_Task prompt_
Pick out each line with the word "iffP" from the material that follows.
*** Available data Section Begins ***
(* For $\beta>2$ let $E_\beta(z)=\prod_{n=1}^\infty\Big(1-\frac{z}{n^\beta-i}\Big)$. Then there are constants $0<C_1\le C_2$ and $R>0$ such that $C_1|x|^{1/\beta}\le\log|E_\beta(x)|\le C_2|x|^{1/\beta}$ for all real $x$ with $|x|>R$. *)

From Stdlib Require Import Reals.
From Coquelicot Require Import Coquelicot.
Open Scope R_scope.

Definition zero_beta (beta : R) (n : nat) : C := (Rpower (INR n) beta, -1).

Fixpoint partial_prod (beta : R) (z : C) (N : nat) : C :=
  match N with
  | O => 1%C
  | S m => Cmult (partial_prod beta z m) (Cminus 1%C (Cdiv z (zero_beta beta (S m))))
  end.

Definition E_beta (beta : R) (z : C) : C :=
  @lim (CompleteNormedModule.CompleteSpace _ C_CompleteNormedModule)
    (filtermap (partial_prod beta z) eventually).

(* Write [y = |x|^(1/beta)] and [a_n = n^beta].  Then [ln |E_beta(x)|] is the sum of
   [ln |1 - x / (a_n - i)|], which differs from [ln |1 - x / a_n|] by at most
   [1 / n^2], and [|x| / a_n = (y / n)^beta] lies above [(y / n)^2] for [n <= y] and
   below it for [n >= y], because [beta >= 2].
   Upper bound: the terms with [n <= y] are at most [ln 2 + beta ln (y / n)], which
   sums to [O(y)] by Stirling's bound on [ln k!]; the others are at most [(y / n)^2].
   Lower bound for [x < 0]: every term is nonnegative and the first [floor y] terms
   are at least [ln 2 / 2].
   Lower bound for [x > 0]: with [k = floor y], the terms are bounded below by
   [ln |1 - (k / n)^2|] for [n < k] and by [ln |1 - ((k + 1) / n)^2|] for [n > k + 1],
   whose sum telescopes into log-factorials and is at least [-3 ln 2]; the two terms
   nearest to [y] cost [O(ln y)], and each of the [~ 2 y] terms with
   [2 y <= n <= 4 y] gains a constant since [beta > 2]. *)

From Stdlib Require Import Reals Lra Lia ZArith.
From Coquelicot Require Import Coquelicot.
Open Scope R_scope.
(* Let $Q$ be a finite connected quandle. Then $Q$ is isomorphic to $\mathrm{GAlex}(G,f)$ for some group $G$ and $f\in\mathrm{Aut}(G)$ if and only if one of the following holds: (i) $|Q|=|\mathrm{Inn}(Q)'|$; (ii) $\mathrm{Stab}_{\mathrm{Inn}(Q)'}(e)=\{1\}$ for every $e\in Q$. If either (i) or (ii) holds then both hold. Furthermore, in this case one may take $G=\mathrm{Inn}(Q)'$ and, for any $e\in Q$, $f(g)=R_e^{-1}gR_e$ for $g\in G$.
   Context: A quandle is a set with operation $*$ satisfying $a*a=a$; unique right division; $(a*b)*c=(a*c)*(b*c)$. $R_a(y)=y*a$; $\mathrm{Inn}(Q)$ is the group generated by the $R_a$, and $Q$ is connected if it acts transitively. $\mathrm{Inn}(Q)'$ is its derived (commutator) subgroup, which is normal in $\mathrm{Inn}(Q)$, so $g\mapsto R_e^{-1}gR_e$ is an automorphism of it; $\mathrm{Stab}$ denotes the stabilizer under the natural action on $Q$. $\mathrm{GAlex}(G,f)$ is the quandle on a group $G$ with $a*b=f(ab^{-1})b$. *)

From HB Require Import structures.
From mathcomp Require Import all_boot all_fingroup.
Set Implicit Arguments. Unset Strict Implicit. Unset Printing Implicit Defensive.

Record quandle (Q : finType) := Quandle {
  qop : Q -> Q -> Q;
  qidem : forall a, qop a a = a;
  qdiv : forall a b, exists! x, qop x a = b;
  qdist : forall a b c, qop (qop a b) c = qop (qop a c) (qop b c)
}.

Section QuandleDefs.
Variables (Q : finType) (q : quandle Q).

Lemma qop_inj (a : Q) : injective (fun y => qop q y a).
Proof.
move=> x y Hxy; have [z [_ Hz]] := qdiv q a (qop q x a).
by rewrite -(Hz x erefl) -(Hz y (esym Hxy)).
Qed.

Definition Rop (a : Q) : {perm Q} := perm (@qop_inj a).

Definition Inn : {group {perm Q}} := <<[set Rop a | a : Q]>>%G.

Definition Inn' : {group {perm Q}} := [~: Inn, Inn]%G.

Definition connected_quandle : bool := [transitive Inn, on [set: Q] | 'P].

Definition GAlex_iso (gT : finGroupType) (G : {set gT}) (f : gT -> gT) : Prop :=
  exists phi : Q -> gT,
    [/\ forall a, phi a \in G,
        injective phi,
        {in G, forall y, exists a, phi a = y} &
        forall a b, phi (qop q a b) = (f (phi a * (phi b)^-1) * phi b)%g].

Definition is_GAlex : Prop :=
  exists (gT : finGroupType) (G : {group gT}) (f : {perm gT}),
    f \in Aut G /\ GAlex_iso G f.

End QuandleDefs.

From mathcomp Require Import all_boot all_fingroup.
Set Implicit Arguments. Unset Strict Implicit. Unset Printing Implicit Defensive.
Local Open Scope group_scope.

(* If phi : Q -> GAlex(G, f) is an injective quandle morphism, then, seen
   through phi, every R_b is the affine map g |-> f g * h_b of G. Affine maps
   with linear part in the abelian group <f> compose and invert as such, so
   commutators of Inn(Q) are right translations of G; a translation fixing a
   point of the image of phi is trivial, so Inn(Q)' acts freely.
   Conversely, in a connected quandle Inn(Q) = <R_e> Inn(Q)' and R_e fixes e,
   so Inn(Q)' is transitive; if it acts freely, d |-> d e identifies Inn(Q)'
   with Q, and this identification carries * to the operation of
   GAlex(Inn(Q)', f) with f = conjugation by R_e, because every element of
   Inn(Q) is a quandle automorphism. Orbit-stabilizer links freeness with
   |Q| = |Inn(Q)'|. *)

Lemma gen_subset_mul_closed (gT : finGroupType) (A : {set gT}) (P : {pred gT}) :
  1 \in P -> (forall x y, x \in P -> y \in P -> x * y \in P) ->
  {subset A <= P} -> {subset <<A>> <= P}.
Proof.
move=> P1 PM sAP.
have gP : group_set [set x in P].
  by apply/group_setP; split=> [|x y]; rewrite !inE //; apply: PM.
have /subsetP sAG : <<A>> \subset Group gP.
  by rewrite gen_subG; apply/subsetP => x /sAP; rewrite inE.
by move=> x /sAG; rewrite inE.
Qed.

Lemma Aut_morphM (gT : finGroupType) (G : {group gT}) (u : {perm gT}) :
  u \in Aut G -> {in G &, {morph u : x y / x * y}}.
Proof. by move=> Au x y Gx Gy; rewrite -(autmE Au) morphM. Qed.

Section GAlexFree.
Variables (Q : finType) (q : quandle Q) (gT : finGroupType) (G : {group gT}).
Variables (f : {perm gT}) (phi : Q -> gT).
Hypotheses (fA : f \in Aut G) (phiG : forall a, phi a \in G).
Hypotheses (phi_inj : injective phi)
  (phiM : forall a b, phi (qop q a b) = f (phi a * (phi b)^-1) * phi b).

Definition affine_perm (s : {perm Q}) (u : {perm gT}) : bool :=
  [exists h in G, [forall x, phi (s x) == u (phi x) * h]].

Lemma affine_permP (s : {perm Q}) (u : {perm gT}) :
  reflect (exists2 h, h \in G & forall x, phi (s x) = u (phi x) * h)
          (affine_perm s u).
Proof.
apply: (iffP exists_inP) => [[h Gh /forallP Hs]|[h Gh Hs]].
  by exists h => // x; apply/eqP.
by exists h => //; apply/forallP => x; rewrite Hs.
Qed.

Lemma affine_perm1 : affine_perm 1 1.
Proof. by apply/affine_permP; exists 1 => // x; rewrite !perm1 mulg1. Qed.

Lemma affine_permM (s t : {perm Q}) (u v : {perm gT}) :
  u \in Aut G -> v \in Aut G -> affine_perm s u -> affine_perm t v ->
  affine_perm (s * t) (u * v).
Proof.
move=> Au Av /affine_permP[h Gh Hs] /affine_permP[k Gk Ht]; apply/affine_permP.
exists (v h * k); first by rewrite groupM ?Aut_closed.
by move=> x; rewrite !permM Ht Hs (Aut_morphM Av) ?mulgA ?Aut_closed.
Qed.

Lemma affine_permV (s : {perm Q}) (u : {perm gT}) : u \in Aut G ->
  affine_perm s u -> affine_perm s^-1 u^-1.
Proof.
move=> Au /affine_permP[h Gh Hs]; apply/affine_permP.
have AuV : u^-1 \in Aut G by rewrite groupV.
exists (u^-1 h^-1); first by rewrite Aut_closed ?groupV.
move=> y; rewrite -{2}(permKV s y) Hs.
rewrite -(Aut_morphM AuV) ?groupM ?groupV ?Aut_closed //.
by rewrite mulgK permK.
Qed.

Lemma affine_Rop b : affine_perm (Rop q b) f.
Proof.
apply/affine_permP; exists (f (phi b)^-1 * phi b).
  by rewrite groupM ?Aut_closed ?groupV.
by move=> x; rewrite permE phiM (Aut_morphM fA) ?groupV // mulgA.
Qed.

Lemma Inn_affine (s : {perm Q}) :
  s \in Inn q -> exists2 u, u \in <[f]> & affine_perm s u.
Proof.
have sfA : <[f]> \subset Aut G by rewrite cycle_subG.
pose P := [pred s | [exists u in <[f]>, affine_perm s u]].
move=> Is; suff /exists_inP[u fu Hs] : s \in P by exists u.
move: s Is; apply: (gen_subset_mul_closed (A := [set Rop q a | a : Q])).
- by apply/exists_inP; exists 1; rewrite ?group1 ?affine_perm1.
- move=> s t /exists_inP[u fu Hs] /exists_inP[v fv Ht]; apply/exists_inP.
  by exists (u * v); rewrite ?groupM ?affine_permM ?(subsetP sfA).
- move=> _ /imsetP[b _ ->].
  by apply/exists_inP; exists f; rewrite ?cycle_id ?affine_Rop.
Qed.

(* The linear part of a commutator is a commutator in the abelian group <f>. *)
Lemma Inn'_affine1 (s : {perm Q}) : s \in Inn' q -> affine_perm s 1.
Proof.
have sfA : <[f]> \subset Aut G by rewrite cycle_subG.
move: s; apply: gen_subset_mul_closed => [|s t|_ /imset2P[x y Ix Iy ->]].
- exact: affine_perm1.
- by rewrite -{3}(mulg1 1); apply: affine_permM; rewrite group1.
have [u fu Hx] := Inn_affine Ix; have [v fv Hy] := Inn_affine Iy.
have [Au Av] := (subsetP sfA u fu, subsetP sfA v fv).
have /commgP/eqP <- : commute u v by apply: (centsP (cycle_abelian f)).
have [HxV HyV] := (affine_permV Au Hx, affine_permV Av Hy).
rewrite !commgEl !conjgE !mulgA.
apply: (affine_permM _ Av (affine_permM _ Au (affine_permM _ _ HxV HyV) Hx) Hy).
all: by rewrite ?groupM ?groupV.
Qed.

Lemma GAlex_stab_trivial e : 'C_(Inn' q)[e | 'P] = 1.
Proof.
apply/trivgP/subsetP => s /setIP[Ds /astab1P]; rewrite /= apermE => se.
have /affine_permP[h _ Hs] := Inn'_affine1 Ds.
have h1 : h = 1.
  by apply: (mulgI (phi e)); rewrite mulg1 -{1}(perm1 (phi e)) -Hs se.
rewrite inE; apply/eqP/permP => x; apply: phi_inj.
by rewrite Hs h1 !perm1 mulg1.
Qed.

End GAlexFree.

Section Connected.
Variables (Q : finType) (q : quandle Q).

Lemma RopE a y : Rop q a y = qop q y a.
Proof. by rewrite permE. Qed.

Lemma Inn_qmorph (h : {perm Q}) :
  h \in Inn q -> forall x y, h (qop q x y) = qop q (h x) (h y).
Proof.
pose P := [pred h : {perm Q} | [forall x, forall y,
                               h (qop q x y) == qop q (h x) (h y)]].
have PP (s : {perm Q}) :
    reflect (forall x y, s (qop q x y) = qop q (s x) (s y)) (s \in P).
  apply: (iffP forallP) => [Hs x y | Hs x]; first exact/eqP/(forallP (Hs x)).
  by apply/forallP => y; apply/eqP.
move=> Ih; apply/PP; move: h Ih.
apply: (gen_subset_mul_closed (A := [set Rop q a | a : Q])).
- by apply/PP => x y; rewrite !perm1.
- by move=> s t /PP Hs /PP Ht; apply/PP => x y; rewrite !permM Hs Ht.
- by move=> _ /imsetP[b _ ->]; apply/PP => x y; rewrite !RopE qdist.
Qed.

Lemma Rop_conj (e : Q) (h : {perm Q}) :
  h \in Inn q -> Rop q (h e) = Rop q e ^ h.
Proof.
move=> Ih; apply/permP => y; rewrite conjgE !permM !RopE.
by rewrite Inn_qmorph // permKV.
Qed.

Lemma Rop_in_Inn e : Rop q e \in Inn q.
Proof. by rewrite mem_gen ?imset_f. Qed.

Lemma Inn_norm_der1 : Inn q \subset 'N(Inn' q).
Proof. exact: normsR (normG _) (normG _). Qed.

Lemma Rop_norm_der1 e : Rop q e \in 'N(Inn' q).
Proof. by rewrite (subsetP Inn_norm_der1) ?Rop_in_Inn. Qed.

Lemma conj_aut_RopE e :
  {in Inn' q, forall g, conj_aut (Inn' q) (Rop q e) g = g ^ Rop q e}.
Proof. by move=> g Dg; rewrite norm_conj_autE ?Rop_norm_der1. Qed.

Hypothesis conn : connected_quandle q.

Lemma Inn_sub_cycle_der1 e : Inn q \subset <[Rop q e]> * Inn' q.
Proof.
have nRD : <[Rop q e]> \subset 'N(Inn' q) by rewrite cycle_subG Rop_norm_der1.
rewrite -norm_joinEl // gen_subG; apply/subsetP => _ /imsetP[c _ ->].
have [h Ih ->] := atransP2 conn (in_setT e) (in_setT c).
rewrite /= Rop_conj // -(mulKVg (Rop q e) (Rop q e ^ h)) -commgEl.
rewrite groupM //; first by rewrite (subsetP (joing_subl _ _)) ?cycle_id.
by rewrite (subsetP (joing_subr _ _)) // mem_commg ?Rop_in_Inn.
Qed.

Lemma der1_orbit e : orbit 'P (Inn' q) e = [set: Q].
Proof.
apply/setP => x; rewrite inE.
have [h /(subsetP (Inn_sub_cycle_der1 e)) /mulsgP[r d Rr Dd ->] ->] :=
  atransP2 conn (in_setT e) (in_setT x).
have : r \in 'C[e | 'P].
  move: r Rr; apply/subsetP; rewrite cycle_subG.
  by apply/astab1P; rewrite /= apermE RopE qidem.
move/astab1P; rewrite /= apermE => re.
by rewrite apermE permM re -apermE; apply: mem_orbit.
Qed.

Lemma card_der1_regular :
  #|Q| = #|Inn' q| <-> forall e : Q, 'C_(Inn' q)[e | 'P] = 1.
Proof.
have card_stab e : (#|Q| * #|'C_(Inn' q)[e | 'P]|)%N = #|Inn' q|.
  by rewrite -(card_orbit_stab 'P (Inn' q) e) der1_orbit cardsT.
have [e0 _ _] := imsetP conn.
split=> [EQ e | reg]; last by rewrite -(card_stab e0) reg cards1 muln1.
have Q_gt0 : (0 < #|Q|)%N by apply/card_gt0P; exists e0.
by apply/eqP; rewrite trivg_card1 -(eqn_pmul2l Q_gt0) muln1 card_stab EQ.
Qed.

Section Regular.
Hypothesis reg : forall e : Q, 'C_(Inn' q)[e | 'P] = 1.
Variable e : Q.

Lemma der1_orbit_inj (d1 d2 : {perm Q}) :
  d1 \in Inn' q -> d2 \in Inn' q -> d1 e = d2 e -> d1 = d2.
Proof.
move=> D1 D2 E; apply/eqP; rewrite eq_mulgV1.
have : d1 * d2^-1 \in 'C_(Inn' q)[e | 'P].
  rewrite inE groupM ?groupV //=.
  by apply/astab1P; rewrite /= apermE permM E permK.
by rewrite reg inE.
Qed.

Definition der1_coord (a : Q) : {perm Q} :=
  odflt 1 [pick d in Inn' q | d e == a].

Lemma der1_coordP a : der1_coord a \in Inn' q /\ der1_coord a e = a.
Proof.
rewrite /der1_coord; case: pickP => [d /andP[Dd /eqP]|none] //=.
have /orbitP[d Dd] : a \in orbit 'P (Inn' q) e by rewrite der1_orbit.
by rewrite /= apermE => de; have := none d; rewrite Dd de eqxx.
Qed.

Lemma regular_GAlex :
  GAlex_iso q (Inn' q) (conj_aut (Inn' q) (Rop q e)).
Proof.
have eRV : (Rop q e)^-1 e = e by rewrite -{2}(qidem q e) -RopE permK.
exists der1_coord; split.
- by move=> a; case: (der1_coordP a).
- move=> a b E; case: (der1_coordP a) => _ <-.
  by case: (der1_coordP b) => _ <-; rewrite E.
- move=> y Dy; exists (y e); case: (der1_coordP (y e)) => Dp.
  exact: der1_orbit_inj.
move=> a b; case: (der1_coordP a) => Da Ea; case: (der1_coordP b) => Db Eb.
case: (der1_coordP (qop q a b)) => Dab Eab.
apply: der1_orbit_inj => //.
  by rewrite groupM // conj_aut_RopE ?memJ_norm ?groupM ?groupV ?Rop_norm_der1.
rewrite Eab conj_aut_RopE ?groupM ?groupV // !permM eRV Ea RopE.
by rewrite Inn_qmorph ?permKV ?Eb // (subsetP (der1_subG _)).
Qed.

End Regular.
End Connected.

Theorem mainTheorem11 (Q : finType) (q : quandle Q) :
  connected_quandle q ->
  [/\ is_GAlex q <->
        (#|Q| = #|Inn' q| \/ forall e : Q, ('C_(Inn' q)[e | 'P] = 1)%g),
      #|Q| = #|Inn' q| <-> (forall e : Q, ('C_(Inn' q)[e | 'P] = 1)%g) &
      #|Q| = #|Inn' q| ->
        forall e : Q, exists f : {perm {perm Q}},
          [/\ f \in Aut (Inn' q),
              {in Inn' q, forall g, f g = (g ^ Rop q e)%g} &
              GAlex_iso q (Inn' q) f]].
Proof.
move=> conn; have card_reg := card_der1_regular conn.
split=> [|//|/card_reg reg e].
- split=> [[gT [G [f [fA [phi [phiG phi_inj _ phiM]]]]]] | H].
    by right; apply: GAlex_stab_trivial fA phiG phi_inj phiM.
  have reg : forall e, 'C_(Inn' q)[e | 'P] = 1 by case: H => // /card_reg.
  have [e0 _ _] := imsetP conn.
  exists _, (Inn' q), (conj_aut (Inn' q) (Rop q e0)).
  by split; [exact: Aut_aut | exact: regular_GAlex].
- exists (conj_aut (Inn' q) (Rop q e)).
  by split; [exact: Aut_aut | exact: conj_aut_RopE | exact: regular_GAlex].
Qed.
*** Available data Section Ends ***
_Task output_
apply: (iffP exists_inP) => [[h Gh /forallP Hs]|[h Gh Hs]].
  apply: (iffP forallP) => [Hs x y | Hs x]; first exact/eqP/(forallP (Hs x)).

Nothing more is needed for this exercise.